When: Thursday 21st 06:00 AM UTC

  • Team calendar invite

Affected wikis:: https://noc.wikimedia.org/conf/highlight.php?file=dblists/s7.dblist

Checklist:

NEW primary: db1136
OLD primary: db1181

  • Check configuration differences between new and old primary:
sudo pt-config-diff --defaults-file /root/.my.cnf h=db1181.eqiad.wmnet h=db1136.eqiad.wmnet

Failover prep:

  • Silence alerts on all hosts:
sudo cookbook sre.hosts.downtime --hours 1 -r "Primary switchover s7 T313383" 'A:db-section-s7'
  • Set NEW primary with weight 0 (and depool it from API or vslow/dump groups if it is present).
sudo dbctl instance db1136 set-weight 0
sudo dbctl config commit -m "Set db1136 with weight 0 T313383"
  • Topology changes, move all replicas under NEW primary
sudo db-switchover --timeout=25 --only-slave-move db1181 db1136
  • Disable puppet on both nodes
sudo cumin 'db1181* or db1136*' 'disable-puppet "primary switchover T313383"'

Failover:

  • Log the failover:
!log Starting s7 eqiad failover from db1181 to db1136 - T313383
  • Set section read-only:
sudo dbctl --scope eqiad section s7 ro "Maintenance until 06:15 UTC - T313383"
sudo dbctl config commit -m "Set s7 eqiad as read-only for maintenance - T313383"
  • Check s7 is indeed read-only
  • Switch primaries:
sudo db-switchover --skip-slave-move db1181 db1136
echo "===== db1181 (OLD)"; sudo db-mysql db1181 -e 'show slave status\G'
echo "===== db1136 (NEW)"; sudo db-mysql db1136 -e 'show slave status\G'
  • Promote NEW primary in dbctl, and remove read-only
sudo dbctl --scope eqiad section s7 set-master db1136
sudo dbctl --scope eqiad section s7 rw
sudo dbctl config commit -m "Promote db1136 to s7 primary and set section read-write T313383"
  • Restart puppet on both hosts:
sudo cumin 'db1181* or db1136*' 'run-puppet-agent -e "primary switchover T313383"'

Clean up tasks:

  • Clean up heartbeat table(s).
sudo db-mysql db1136 heartbeat -e "delete from heartbeat where file like 'db1181%';"
  • change events for query killer:
events_coredb_master.sql on the new primary db1136
events_coredb_slave.sql on the new slave db1181
sudo dbctl instance db1181 set-candidate-master --section s7 true
sudo dbctl instance db1136 set-candidate-master --section s7 false
(dborch1001): sudo orchestrator-client -c untag -i db1136 --tag name=candidate
(dborch1001): sudo orchestrator-client -c tag -i db1181 --tag name=candidate
sudo db-mysql db1115 zarcillo -e "select * from masters where section = 's7';"
  • (If needed): Depool db1181 for maintenance.
sudo dbctl instance db1181 depool
sudo dbctl config commit -m "Depool db1181 T313383"
  • Change db1181 weight to mimic the previous weight db1136:
sudo dbctl instance db1181 edit
  • Update/resolve this ticket.

Event Timeline

Marostegui updated Other Assignee, added: Ladsgroup.
Marostegui added a project: User-notice.
Marostegui updated the task description. (Show Details)
Marostegui added a subscriber: Trizek-WMF.
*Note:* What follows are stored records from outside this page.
(* Openness: on the overlap of charts [k] and [k + 1], [s_k = x_k^n s_(k+1)]
   with [x_k] a unit, so a prime avoids [s_k] iff the glued prime avoids
   [s_(k+1)].
   Basis: if [g] does not vanish at a point of chart [k] and [D(g)] lies in [U],
   extend [g] monomial by monomial to a section of [L^(2N)], [N > deg g], by
   sending [x^p y^q] to [x^(e (d - 1)) y^(e d)] on chart [k + d], with [e]
   quadratic in [d]. Then [s_j] is a multiple of [y_j] for [j > k] and of [x_j]
   for [j < k], so each point of chart [j] where [s_j] does not vanish lies in
   the overlap with the neighbouring chart towards [k]; by induction it is glued
   to a point of [D(g)], hence lies in [U]. Primes are glued across an overlap
   by localization: a prime of [Z[x,y]] avoiding [x] extends to
   [Z[x,y][1/x] = Z[a,b,c]/(a c - 1)], realized inside [Frac Z[x,y]]. *)

From HB Require Import structures.
From mathcomp Require Import all_boot all_order all_algebra.
From mathcomp Require Import mpoly.
From mathcomp Require Import ring zify.
Set Implicit Arguments.
Unset Strict Implicit.
Unset Printing Implicit Defensive.

Import Order.TTheory GRing.Theory Num.Theory.
Local Open Scope ring_scope.

Local Notation "x %:F" := (@FracField.tofrac _ x).

Section PrimeIdeal.
Context {T : comNzRingType} {P : T -> Prop} (hP : is_prime_ideal P).

Lemma prime_ideal0 : P 0. Proof. by case: hP. Qed.

Lemma prime_idealD a b : P a -> P b -> P (a + b).
Proof. by case: hP => _ hD _ _ _; apply: hD. Qed.

Lemma prime_idealMl a b : P b -> P (a * b).
Proof. by case: hP => _ _ hM _ _; apply: hM. Qed.

Lemma prime_idealMr a b : P a -> P (a * b).
Proof. by rewrite mulrC; apply: prime_idealMl. Qed.

Lemma prime_ideal_not1 : ~ P 1. Proof. by case: hP. Qed.

Lemma prime_idealM a b : P (a * b) -> P a \/ P b.
Proof. by case: hP => _ _ _ _; apply. Qed.

Lemma prime_idealB a b : P a -> P b -> P (a - b).
Proof. by move=> Pa Pb; rewrite -mulN1r; apply/prime_idealD/prime_idealMl. Qed.

Lemma prime_idealX x n : P (x ^+ n) -> P x.
Proof.
elim: n => [|n IHn]; first by rewrite expr0 => /prime_ideal_not1.
by rewrite exprS => /prime_idealM [].
Qed.

(* [a] is invertible modulo [P] as soon as [a * c - 1] lies in [P]. *)
Lemma prime_ideal_transfer a c x y n :
  P (a * c - 1) -> P (x - a ^+ n * y) -> (P x <-> P y).
Proof.
move=> Pac Pxy; have Pa : ~ P a.
  move=> Pa; apply: prime_ideal_not1.
  by rewrite -[1](subKr (a * c)); apply/prime_idealB/Pac/prime_idealMr.
split=> [Px | Py].
- have : P (a ^+ n * y) by rewrite -[_ * y](subKr x); apply: prime_idealB.
  by case/prime_idealM => // /prime_idealX.
- by rewrite -[x](subrK (a ^+ n * y)); apply/prime_idealD/prime_idealMl.
Qed.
@Trizek-WMF this needs to happen tomorrow as part of an emergency switch issue (see parent task)

Marostegui moved this task from Triage to In progress on the DBA board.

Change 815709 had a related patch set uploaded (by Marostegui; author: Marostegui):

[operations/dns@master] wmnet: Failover s7 master

https://gerrit.wikimedia.org/r/815709

Change 815710 had a related patch set uploaded (by Marostegui; author: Marostegui):

[operations/puppet@production] mariadb: Promote db1136 to s7 master

https://gerrit.wikimedia.org/r/815710

@Trizek-WMF this needs to happen tomorrow as part of an emergency switch issue (see parent task)

Sorry, I was off. I only got your message now.
We will announce it retroactively, to inform the communities about the switch, as emergencies happen too.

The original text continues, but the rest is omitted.